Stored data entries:
※ ※ ※

Lemma separable_poly_roots (K : numClosedFieldType) (m0 : {poly rat}) n :
  m0 \is monic -> size m0 = n.+1 -> separable_poly m0 ->
  exists rs : seq K, [/\ size rs = n, uniq rs &
     forall r, r \in rs -> root (map_poly ratr m0) r].
Proof.
move=> mon sz sep.
have [rs Drs] := closed_field_poly_normal (map_poly (ratr : rat -> K) m0).
rewrite lead_coef_map (monicP mon) rmorph1 scale1r in Drs.
exists rs; split.
- by have := size_prod_XsubC rs id; rewrite -Drs size_map_poly sz => -[].
- by rewrite -separable_prod_XsubC -Drs separable_map.
- by move=> r; rewrite Drs root_prod_XsubC.
Qed.

Lemma rmorph_of_root (F : fieldExtType rat) (K : numFieldType) (z : F)
    (m0 : {poly rat}) (Ez : fullv = <<1; z>>%VS)
    (m0z : forall P : {poly rat}, (map_poly (in_alg F) P).[z] = 0 -> m0 %| P)
    (r : K) (m0r : root (map_poly ratr m0) r) :
  exists sigma : {rmorphism F -> K},
    forall P : {poly rat}, sigma ((map_poly (in_alg F) P).[z]) = (map_poly ratr P).[r].
Proof.
have hpre (y : F) : exists P : {poly rat}, y == (map_poly (in_alg F) P).[z].
  have /Fadjoin1_polyP[P ->] : y \in <<1; z>>%VS by rewrite -Ez memvf.
  by exists P.
pose pre y := xchoose (hpre y).
have preK y : y = (map_poly (in_alg F) (pre y)).[z] by apply/eqP/(xchooseP (hpre y)).
pose f y := (map_poly (ratr : rat -> K) (pre y)).[r].
have fE P : f ((map_poly (in_alg F) P).[z]) = (map_poly ratr P).[r].
  set y := _.[z]; have /dvdpP[D eD] : m0 %| P - pre y.
    by apply: m0z; rewrite raddfB /= hornerD hornerN -preK subrr.
  have : (map_poly (ratr : rat -> K) (P - pre y)).[r] = 0.
    by rewrite eD rmorphM /= hornerM (rootP m0r) mulr0.
  by rewrite raddfB /= hornerD hornerN => /eqP; rewrite subr_eq0 => /eqP ->.
have f_add : zmod_morphism f.
  move=> x y; rewrite {1}(preK x) {1}(preK y) -hornerN -hornerD -raddfN -raddfD /=.
  by rewrite fE raddfB /= hornerD hornerN.
have f_mul : monoid_morphism f.
  split; first by have := fE 1; rewrite !rmorph1 !hornerC.
  move=> x y; rewrite {1}(preK x) {1}(preK y) -hornerM -rmorphM /=.
  by rewrite fE rmorphM /= hornerM.
pose fA := GRing.isZmodMorphism.Build F K f f_add.
pose fM := GRing.isMonoidMorphism.Build F K f f_mul.
by exists (HB.pack f fA fM : {rmorphism F -> K}).
Qed.

Lemma int_free_rat_free (F : fieldExtType rat) n (theta : 'I_n -> F) :
  (forall c : 'I_n -> int, \sum_(i < n) (c i)%:~R * theta i = 0 -> forall i, c i = 0) ->
  forall c : 'I_n -> rat, \sum_(i < n) c i *: theta i = 0 -> forall i, c i = 0.
Proof.
move=> hfree c hc i.
pose d k := denq (c k); pose D := \prod_k d k.
pose c' k := numq (c k) * \prod_(l | l != k) d l.
have c'E k : ((c' k)%:~R : rat) = D%:~R * c k.
  by rewrite /c' /D [in RHS](bigD1 k) //= !intrM numqE /d; ring.
have : \sum_(k < n) (c' k)%:~R * theta k = 0.
  have zE (k : int) (x : F) : k%:~R * x = (k%:~R : rat) *: x.
    by rewrite scaler_int mulrzl.
  under eq_bigr => k _ do rewrite zE c'E -scalerA.
  by rewrite -scaler_sumr hc scaler0.
move/hfree/(_ i)/eqP; rewrite mulf_eq0 numq_eq0 => /orP[/eqP //|].
by rewrite prodf_seq_eq0 => /hasP[l _ /andP[_]]; rewrite denq_eq0.
Qed.

Lemma rat_coef_matrix_unitmx (F : fieldExtType rat) n (theta : 'I_n -> F) (z : F)
    (P : 'I_n -> {poly rat}) :
  (forall k, size (P k) <= n)%nat ->
  (forall k, theta k = (map_poly (in_alg F) (P k)).[z]) ->
  (forall c : 'I_n -> rat, \sum_(i < n) c i *: theta i = 0 -> forall i, c i = 0) ->
  (\matrix_(l < n, k < n) (P k)`_l) \in unitmx.
Proof.
move=> szP thetaE free; set T := \matrix_(l, k) _.
have thetaZ k : theta k = \sum_(l < n) (P k)`_l *: z ^+ l.
  rewrite thetaE (@horner_coef_wide _ n) ?size_map_poly //.
  by apply: eq_bigr => l _; rewrite coef_map mulr_algl.
rewrite -unitmx_tr unitmxE unitfE; apply/det0P => -[v nzv vT0].
apply/(negP nzv)/eqP/rowP => k; rewrite mxE; apply: free k.
under eq_bigr => k _ do rewrite thetaZ scaler_sumr.
rewrite exchange_big /= big1 // => l _; under eq_bigr => k _ do rewrite scalerA.
rewrite -scaler_suml; have /rowP/(_ l) := vT0; rewrite !mxE.
by under eq_bigr => k _ do rewrite !mxE; move=> ->; rewrite scale0r.
Qed.

Lemma embedding_matrix_unitmx (K : numClosedFieldType) (F : fieldExtType rat) n
    (theta : 'I_n -> F) :
  \dim {:F} = n ->
  (forall c : 'I_n -> rat, \sum_(i < n) c i *: theta i = 0 -> forall i, c i = 0) ->
  exists sigma : 'I_n -> {rmorphism F -> K}, (\matrix_(j, k) sigma j (theta k)) \in unitmx.
Proof.
move=> dimF free.
have [z [m0 [Ez mon szm0 sepm0 m0E]]] := separable_generator_minpoly F.
rewrite dimF in szm0.
have [rs [szrs uniq_rs rsP]] := separable_poly_roots K mon szm0 sepm0.
pose r (j : 'I_n) := rs`_j.
have m0r j : root (map_poly ratr m0) (r j) by apply: rsP; rewrite mem_nth // szrs.
have [sigma sigmaE] :=
  fin_all_exists (fun j => rmorph_of_root Ez (fun P => (m0E P).1) (m0r j)).
have thetaP k : exists P : {poly rat},
    (size P <= n)%nat /\ theta k = (map_poly (in_alg F) P).[z].
  have /Fadjoin1_polyP[P ->] : theta k \in <<1; z>>%VS by rewrite -Ez memvf.
  exists (P %% m0); split; first by rewrite -ltnS -szm0 ltn_modp monic_neq0.
  rewrite {1}(divp_eq P m0) rmorphD rmorphM /= hornerD hornerM.
  by rewrite ((m0E m0).2 (dvdpp m0)) mulr0 add0r.
have [P PP] := fin_all_exists thetaP.
pose Vd := \matrix_(j < n, l < n) r j ^+ l : 'M[K]_n.
exists sigma.
have -> : \matrix_(j, k) sigma j (theta k) = Vd *m map_mx ratr (\matrix_(l < n, k < n) (P k)`_l).
  apply/matrixP => j k; rewrite !mxE (PP k).2 sigmaE.
  rewrite (@horner_coef_wide _ n) ?size_map_poly ?(PP k).1 //.
  by apply: eq_bigr => l _; rewrite !mxE coef_map mulrC.
have thetaE k := (PP k).2.
rewrite unitmx_mul map_unitmx (rat_coef_matrix_unitmx (fun k => (PP k).1) thetaE) // andbT.
have -> : Vd = (Vandermonde n (\row_j r j))^T by apply/matrixP => j l; rewrite !mxE.
rewrite unitmx_tr unitmxE unitfE det_Vandermonde.
apply/prodf_neq0 => i _; apply/prodf_neq0 => j lt_ij; rewrite !mxE subr_eq0.
by rewrite nth_uniq ?szrs //; apply: contraTneq lt_ij => ->; rewrite ltnn.
Qed.

Definition qnorm (K : comNzRingType) (A B : K) (w : 'I_4 -> K) : K :=
  w 0 ^+ 2 - A * w 1 ^+ 2 - B * w 2 ^+ 2 + A * B * w 3 ^+ 2.

Definition embed_coord (F : fieldType) (K : comNzRingType) n
    (sigma : {rmorphism F -> K}) (theta : 'I_n -> F) (v : 'I_(4 * n) -> K) :
    'I_4 -> K :=
  fun c => \sum_(i < n) v (qvar c i) * sigma (theta i).

Lemma rmorph_mpoly_int_eq (K : comNzRingType) N (h1 h2 : {rmorphism {mpoly int[N]} -> K}) :
  (forall i, h1 'X_i = h2 'X_i) -> h1 =1 h2.
Proof.
move=> hX p; rewrite (mpolyE p) !rmorph_sum; apply: eq_bigr => m _.
rewrite -!mul_mpolyC !rmorphM -[p@_m]intz !rmorph_int; congr (_ * _).
by rewrite mpolyXE_id !rmorph_prod; apply: eq_bigr => i _; rewrite !rmorphXn hX.
Qed.

Lemma norm_components_eval (F : fieldType) (K : comNzRingType) n
    (sigma : {rmorphism F -> K}) (theta : 'I_n -> F) (a b : F)
    (g : 'I_n -> {mpoly int[4 * n]}) (v : 'I_(4 * n) -> K) :
  norm_components theta a b g ->
  \sum_(k < n) (map_mpoly intr (g k)).@[v] * sigma (theta k) =
  qnorm (sigma a) (sigma b) (embed_coord sigma theta v).
Proof.
pose h : {rmorphism {mpoly F[4 * n]} -> K} := mmap sigma v.
have hC c : h c%:MP = sigma c by apply: mmapC.
have hX i : h 'X_i = v i by rewrite /h /= mmapX mmap1U.
have h_coord c : h (generic_coord theta c) = embed_coord sigma theta v c.
  by rewrite rmorph_sum; apply: eq_bigr => i _; rewrite rmorphM hC hX.
move=> hg; transitivity (h (generic_norm theta a b)); last first.
  by rewrite rmorphD !rmorphB !(rmorphM h) !hC !h_coord -!expr2 rmorphM.
rewrite -hg rmorph_sum; apply: eq_bigr => k _; rewrite rmorphM hC; congr (_ * _).
pose h1 : {rmorphism {mpoly int[4 * n]} -> K} := meval v \o map_mpoly intr.
pose h2 : {rmorphism {mpoly int[4 * n]} -> K} := h \o map_mpoly intr.
apply: (@rmorph_mpoly_int_eq _ _ h1 h2) => i.
by rewrite /h1 /h2 /= !map_mpolyX mevalXU -hX.
Qed.

Section NormOneQuadric.
Variables (K : fieldType) (s B : K).
Hypotheses (s_neq0 : s != 0) (B_neq0 : B != 0) (two_neq0 : 2 != 0 :> K).

(* In the coordinates x + s y, z + s t, B (z - s t), x - s y the quadric
   qnorm (s ^+ 2) B w = 1 becomes SL_2, whose big cell is parametrised by
   [1 p; 0 1] [1 0; q 1] [1 r; 0 1] = [1 + p q, p + r + p q r; q, 1 + q r]. *)
Definition quadric_param (p q r : K) : 'I_4 -> K := fun c =>
  let al := 1 + p * q in let be := p + r + p * q * r in let de := 1 + q * r in
  match val c with
  | 0 => (al + de) / 2
  | 1 => (al - de) / (2 * s)
  | 2 => (be + q / B) / 2
  | _ => (be - q / B) / (2 * s)
  end.

Lemma qnorm_quadric_param p q r : qnorm (s ^+ 2) B (quadric_param p q r) = 1.
Proof. by rewrite /qnorm /quadric_param /=; field; rewrite s_neq0 B_neq0 two_neq0. Qed.

Lemma quadric_param_entry01 p q r (w := quadric_param p q r) :
  w 2 + s * w 3 = p + r + p * q * r.
Proof. by rewrite /w /quadric_param /=; field; rewrite s_neq0 B_neq0 two_neq0. Qed.

Lemma quadric_param_entry10 p q r (w := quadric_param p q r) :
  B * (w 2 - s * w 3) = q.
Proof. by rewrite /w /quadric_param /=; field; rewrite s_neq0 B_neq0 two_neq0. Qed.

Lemma quadric_param_entry11 p q r (w := quadric_param p q r) :
  w 0 - s * w 1 = 1 + q * r.
Proof. by rewrite /w /quadric_param /=; field; rewrite s_neq0 two_neq0. Qed.

End NormOneQuadric.

Lemma polyfun_quadric_param m (s B : CC) (kp kq kr : 'I_m) c :
  polyfun (fun u => quadric_param s B (u kp) (u kq) (u kr) c).
Proof.
have p := polyfun_proj kp; have q := polyfun_proj kq; have r := polyfun_proj kr.
have cst x := polyfun_const m x.
have al : polyfun (fun u => 1 + u kp * u kq) by apply: polyfun_add => //; apply: polyfun_mul.
have be : polyfun (fun u => u kp + u kr + u kp * u kq * u kr).
  by apply: polyfun_add; [apply: polyfun_add | apply: polyfun_mul => //; apply: polyfun_mul].
have de : polyfun (fun u => 1 + u kq * u kr) by apply: polyfun_add => //; apply: polyfun_mul.
have qB : polyfun (fun u => u kq / B) by apply: polyfun_mul.
rewrite /quadric_param; case: (val c) => [|[|[|_]]] /=; apply: polyfun_mul => //.
- exact: polyfun_add.
- exact: polyfun_sub.
- exact: polyfun_add.
- exact: polyfun_sub.
Qed.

※ ※ ※

Work order: How many lines of these entries contain the string "ratr"? Reply with the number alone.

Answer for the task: 9